> _PROMPT_
Only one stretch of the data below is wanted: the lines from the one with "by rewrite /v;" through the one with "bounded by [(size", repeated exactly.

> _DATA FOR ANALYSIS_
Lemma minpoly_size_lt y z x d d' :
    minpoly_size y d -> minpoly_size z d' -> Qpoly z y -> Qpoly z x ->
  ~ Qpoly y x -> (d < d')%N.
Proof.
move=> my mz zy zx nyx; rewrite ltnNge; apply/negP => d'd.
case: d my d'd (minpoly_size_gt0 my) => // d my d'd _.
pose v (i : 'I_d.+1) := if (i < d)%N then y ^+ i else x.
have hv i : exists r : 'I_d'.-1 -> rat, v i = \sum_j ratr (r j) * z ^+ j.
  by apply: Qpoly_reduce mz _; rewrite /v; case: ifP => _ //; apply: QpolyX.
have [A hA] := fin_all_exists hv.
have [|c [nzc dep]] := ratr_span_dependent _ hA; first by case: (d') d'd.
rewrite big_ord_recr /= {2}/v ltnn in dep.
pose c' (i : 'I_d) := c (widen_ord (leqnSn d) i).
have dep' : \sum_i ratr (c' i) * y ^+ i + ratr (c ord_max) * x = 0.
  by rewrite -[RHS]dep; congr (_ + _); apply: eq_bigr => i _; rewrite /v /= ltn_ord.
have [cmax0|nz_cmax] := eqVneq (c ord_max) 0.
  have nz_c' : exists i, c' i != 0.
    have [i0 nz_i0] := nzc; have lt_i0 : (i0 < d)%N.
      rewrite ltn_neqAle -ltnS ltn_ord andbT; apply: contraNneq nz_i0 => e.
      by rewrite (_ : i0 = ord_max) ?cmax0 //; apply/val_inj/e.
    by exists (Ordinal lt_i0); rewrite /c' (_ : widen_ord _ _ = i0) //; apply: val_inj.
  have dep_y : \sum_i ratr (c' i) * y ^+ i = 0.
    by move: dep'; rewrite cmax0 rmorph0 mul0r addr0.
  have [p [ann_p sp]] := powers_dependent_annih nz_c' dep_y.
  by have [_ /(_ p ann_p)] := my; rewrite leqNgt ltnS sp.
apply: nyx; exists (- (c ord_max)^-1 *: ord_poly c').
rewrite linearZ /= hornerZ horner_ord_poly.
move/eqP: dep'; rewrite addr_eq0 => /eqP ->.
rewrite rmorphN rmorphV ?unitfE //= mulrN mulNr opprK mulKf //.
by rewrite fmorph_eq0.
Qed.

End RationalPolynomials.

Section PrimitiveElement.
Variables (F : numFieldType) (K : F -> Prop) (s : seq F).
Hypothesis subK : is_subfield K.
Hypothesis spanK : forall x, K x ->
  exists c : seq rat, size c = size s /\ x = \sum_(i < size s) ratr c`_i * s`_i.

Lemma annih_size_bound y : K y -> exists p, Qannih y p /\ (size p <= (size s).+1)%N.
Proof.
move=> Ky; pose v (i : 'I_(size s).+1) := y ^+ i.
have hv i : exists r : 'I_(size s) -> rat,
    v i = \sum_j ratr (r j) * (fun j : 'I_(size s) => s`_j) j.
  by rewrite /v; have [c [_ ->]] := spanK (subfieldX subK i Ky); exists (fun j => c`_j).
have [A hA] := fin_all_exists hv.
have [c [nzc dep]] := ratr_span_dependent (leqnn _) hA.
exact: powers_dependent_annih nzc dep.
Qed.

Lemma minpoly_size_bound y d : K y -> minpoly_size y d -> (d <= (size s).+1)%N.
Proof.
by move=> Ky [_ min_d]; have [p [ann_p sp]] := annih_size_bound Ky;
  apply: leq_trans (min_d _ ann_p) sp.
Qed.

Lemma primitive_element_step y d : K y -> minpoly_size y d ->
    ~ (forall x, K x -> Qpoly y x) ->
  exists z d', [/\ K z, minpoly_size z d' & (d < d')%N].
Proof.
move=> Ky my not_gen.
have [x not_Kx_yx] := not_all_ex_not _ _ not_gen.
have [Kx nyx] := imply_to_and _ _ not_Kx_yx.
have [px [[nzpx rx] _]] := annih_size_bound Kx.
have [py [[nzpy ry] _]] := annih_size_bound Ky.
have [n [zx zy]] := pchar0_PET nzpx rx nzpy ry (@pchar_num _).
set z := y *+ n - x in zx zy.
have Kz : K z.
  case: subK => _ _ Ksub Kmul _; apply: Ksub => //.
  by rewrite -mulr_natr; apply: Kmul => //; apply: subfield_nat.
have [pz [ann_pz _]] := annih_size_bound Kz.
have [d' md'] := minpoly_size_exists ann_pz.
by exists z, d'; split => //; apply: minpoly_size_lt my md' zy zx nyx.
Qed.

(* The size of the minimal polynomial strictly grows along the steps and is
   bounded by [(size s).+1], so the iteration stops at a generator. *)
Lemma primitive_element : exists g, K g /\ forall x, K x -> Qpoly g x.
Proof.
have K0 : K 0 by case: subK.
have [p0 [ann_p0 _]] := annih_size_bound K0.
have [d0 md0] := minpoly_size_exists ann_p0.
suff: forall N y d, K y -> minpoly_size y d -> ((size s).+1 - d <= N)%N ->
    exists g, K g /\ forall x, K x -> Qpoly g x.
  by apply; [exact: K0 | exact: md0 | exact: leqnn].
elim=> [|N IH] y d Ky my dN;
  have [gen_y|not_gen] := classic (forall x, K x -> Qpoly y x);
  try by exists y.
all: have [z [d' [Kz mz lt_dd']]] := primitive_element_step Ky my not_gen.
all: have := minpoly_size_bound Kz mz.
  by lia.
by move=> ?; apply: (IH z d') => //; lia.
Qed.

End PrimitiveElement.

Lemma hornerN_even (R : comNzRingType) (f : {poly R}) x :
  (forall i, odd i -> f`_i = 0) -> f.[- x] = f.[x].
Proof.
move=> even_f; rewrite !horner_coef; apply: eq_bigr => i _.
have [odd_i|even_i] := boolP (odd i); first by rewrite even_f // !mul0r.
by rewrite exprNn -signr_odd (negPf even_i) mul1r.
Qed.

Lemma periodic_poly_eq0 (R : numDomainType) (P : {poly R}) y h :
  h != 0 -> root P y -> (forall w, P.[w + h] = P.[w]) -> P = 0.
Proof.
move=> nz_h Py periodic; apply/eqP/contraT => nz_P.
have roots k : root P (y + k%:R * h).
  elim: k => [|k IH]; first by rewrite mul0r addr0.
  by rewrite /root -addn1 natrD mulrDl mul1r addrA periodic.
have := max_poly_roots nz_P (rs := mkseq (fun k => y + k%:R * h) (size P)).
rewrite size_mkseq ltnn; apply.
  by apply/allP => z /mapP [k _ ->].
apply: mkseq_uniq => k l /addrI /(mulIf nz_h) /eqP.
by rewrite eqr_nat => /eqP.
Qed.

> _FINAL ANSWER_
  by rewrite /v; have [c [_ ->]] := spanK (subfieldX subK i Ky); exists (fun j => c`_j).
have [A hA] := fin_all_exists hv.
have [c [nzc dep]] := ratr_span_dependent (leqnn _) hA.
exact: powers_dependent_annih nzc dep.
Qed.

Lemma minpoly_size_bound y d : K y -> minpoly_size y d -> (d <= (size s).+1)%N.
Proof.
by move=> Ky [_ min_d]; have [p [ann_p sp]] := annih_size_bound Ky;
  apply: leq_trans (min_d _ ann_p) sp.
Qed.

Lemma primitive_element_step y d : K y -> minpoly_size y d ->
    ~ (forall x, K x -> Qpoly y x) ->
  exists z d', [/\ K z, minpoly_size z d' & (d < d')%N].
Proof.
move=> Ky my not_gen.
have [x not_Kx_yx] := not_all_ex_not _ _ not_gen.
have [Kx nyx] := imply_to_and _ _ not_Kx_yx.
have [px [[nzpx rx] _]] := annih_size_bound Kx.
have [py [[nzpy ry] _]] := annih_size_bound Ky.
have [n [zx zy]] := pchar0_PET nzpx rx nzpy ry (@pchar_num _).
set z := y *+ n - x in zx zy.
have Kz : K z.
  case: subK => _ _ Ksub Kmul _; apply: Ksub => //.
  by rewrite -mulr_natr; apply: Kmul => //; apply: subfield_nat.
have [pz [ann_pz _]] := annih_size_bound Kz.
have [d' md'] := minpoly_size_exists ann_pz.
by exists z, d'; split => //; apply: minpoly_size_lt my md' zy zx nyx.
Qed.

(* The size of the minimal polynomial strictly grows along the steps and is
   bounded by [(size s).+1], so the iteration stops at a generator. *)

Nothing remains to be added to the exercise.